Task directions: Once the line containing "(exists k : nat, l" is found in the records below, return it and each following line exactly, up to and including the line containing "- intros b Hb. destruct", and nothing else.

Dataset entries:

***

Lemma l_min_at_beta_c (k : nat) :
  l (2 * INR k) (beta_c k) = l (2 * INR k + 2) (beta_c k) /\
  forall t, 0 <= t -> t <> 2 * INR k -> t <> 2 * INR k + 2 ->
    l (2 * INR k) (beta_c k) < l t (beta_c k).
Proof.
  destruct (beta_c_spec k) as [[B1 _] B3]. set (b := beta_c k) in *.
  assert (Heq : l (2 * INR k) b = l (2 * INR k + 2) b) by (unfold delta in B3; lra).
  assert (Hlow : forall j, (j < k)%nat -> l (2 * INR k) b < l (2 * INR j) b).
  { intros j Hj. apply (seq_lt_of_steps_neg (fun i => l (2 * INR i) b)); [|exact Hj].
    intros i _ Hi. rewrite l_even_succ. pose proof (delta_lt_of_lt b i k ltac:(lra) Hi). lra. }
  assert (Hhigh : forall j, (S k < j)%nat -> l (2 * INR k) b < l (2 * INR j) b).
  { intros j Hj. rewrite Heq, <- INR_double_succ.
    apply (seq_lt_of_steps_pos (fun i => l (2 * INR i) b)); [|exact Hj].
    intros i Hi _. rewrite l_even_succ. pose proof (delta_lt_of_lt b k i ltac:(lra) Hi). lra. }
  assert (Hall : forall j, l (2 * INR k) b <= l (2 * INR j) b).
  { intros j. destruct (lt_eq_lt_dec j k) as [[h|<-]|h]; [left; auto | lra |].
    destruct (Nat.eq_dec j (S k)) as [->|E]; [rewrite INR_double_succ; lra|].
    left. apply Hhigh. lia. }
  split; [exact Heq|]. intros t Ht H1 H2.
  apply (l_gt_even_bound b _ ltac:(lra) Hall t Ht).
  intros j ->. destruct (lt_eq_lt_dec j k) as [[h|<-]|h]; [auto | lra |].
  destruct (Nat.eq_dec j (S k)) as [->|E]; [rewrite INR_double_succ in H2; lra|].
  apply Hhigh. lia.
Qed.

Lemma l_pos_near_zero b : sqrt (3 / 2) <= b -> forall t, 0 < t <= 1 -> l t b > 0.
Proof.
  intros Hb t Ht.
  assert (H32 : 1 < sqrt (3 / 2)) by (apply lt_sqrt_of_sqr_lt; lra).
  assert (Hb2 : 3 / 2 <= b * b).
  { assert (sqrt (3 / 2) * sqrt (3 / 2) = 3 / 2) by (apply sqrt_sqrt; lra).
    assert (0 <= sqrt (3 / 2)) by apply sqrt_pos. nra. }
  destruct (l_zero b ltac:(lra)) as [L0 S0].
  pose proof (l_gt_q_rising_left 0 b ltac:(lra) t) as V. rewrite Rmult_0_r in V.
  specialize (V ltac:(lra)). rewrite L0, S0 in V.
  assert (1 <= sqrt (b ^ 2 - 1 / 2)) by (apply le_sqrt_of_sqr_le; nra).
  assert (0 <= (t - 0) * (sqrt (b ^ 2 - 1 / 2) - 1)) by (apply Rmult_le_pos; lra).
  lra.
Qed.

Theorem corollary3p15 :
  (forall beta : R, 1 < beta ->
     exists m : R,
       (exists s, 0 <= s /\ l s beta = m) /\ (forall s, 0 <= s -> m <= l s beta) /\
       (exists k : nat, l (2 * INR k) beta = m) /\ (forall k : nat, m <= l (2 * INR k) beta) /\
       (forall (k : nat) (t : R), 2 * INR k < t < 2 * INR k + 2 -> m < l t beta)) /\
  ((forall beta : R, beta > beta_c 0 -> k_c beta = 0%nat) /\
   (forall (k : nat) (beta : R), beta_c (S k) < beta <= beta_c k -> k_c beta = S k)) /\
  (forall beta : R, beta > beta_c 0 ->
     l 0 beta = 0 /\ forall t : R, t > 0 -> l 0 beta < l t beta) /\
  (forall (k : nat) (beta : R), beta_c (S k) < beta < beta_c k ->
     forall t : R, 0 <= t -> t <> 2 * INR k + 2 -> l (2 * INR k + 2) beta < l t beta) /\
  (forall k : nat,
     l (2 * INR k) (beta_c k) = l (2 * INR k + 2) (beta_c k) /\
     forall t : R, 0 <= t -> t <> 2 * INR k -> t <> 2 * INR k + 2 ->
       l (2 * INR k) (beta_c k) < l t (beta_c k)) /\
  (forall beta : R, sqrt (3 / 2) <= beta -> forall t : R, 0 < t <= 1 -> l t beta > 0) /\
  (forall beta : R, 1 < beta ->
     forall t : R, t > 2 * INR (k_c beta) -> l (2 * INR (k_c beta)) beta < l t beta).
Proof.
  split; [|split; [split|split; [|split; [|split; [|split]]]]].
  - intros b Hb. pose proof (l_even_ge_k_c b Hb) as Hmin.
    exists (l (2 * INR (k_c b)) b). repeat split.
    + exists (2 * INR (k_c b)). split; [pose proof (pos_INR (k_c b)); lra | reflexivity].
    + exact (l_ge_even_bound b _ Hb Hmin).
    + now exists (k_c b).
    + exact Hmin.
    + exact (l_interior_gt_even_bound b _ Hb Hmin).
  - exact k_c_eq_0.
  - exact k_c_eq_succ.
  - intros b Hb. destruct (beta_c_spec 0) as [[B1 _] _].
    split; [exact (proj1 (l_zero b ltac:(lra)))|].
    intros t Ht. pose proof (l_gt_k_c b t ltac:(lra)) as H.
    rewrite (k_c_eq_0 b Hb), Rmult_0_r in H. auto.
  - exact l_min_between.
  - exact l_min_at_beta_c.
  - exact l_pos_near_zero.
  - intros b Hb t Ht. now apply l_gt_k_c.
Qed.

***

Answer to this problem:
       (exists k : nat, l (2 * INR k) beta = m) /\ (forall k : nat, m <= l (2 * INR k) beta) /\
       (forall (k : nat) (t : R), 2 * INR k < t < 2 * INR k + 2 -> m < l t beta)) /\
  ((forall beta : R, beta > beta_c 0 -> k_c beta = 0%nat) /\
   (forall (k : nat) (beta : R), beta_c (S k) < beta <= beta_c k -> k_c beta = S k)) /\
  (forall beta : R, beta > beta_c 0 ->
     l 0 beta = 0 /\ forall t : R, t > 0 -> l 0 beta < l t beta) /\
  (forall (k : nat) (beta : R), beta_c (S k) < beta < beta_c k ->
     forall t : R, 0 <= t -> t <> 2 * INR k + 2 -> l (2 * INR k + 2) beta < l t beta) /\
  (forall k : nat,
     l (2 * INR k) (beta_c k) = l (2 * INR k + 2) (beta_c k) /\
     forall t : R, 0 <= t -> t <> 2 * INR k -> t <> 2 * INR k + 2 ->
       l (2 * INR k) (beta_c k) < l t (beta_c k)) /\
  (forall beta : R, sqrt (3 / 2) <= beta -> forall t : R, 0 < t <= 1 -> l t beta > 0) /\
  (forall beta : R, 1 < beta ->
     forall t : R, t > 2 * INR (k_c beta) -> l (2 * INR (k_c beta)) beta < l t beta).
Proof.
  split; [|split; [split|split; [|split; [|split; [|split]]]]].
  - intros b Hb. pose proof (l_even_ge_k_c b Hb) as Hmin.
    exists (l (2 * INR (k_c b)) b). repeat split.
    + exists (2 * INR (k_c b)). split; [pose proof (pos_INR (k_c b)); lra | reflexivity].
    + exact (l_ge_even_bound b _ Hb Hmin).
    + now exists (k_c b).
    + exact Hmin.
    + exact (l_interior_gt_even_bound b _ Hb Hmin).
  - exact k_c_eq_0.
  - exact k_c_eq_succ.
  - intros b Hb. destruct (beta_c_spec 0) as [[B1 _] _].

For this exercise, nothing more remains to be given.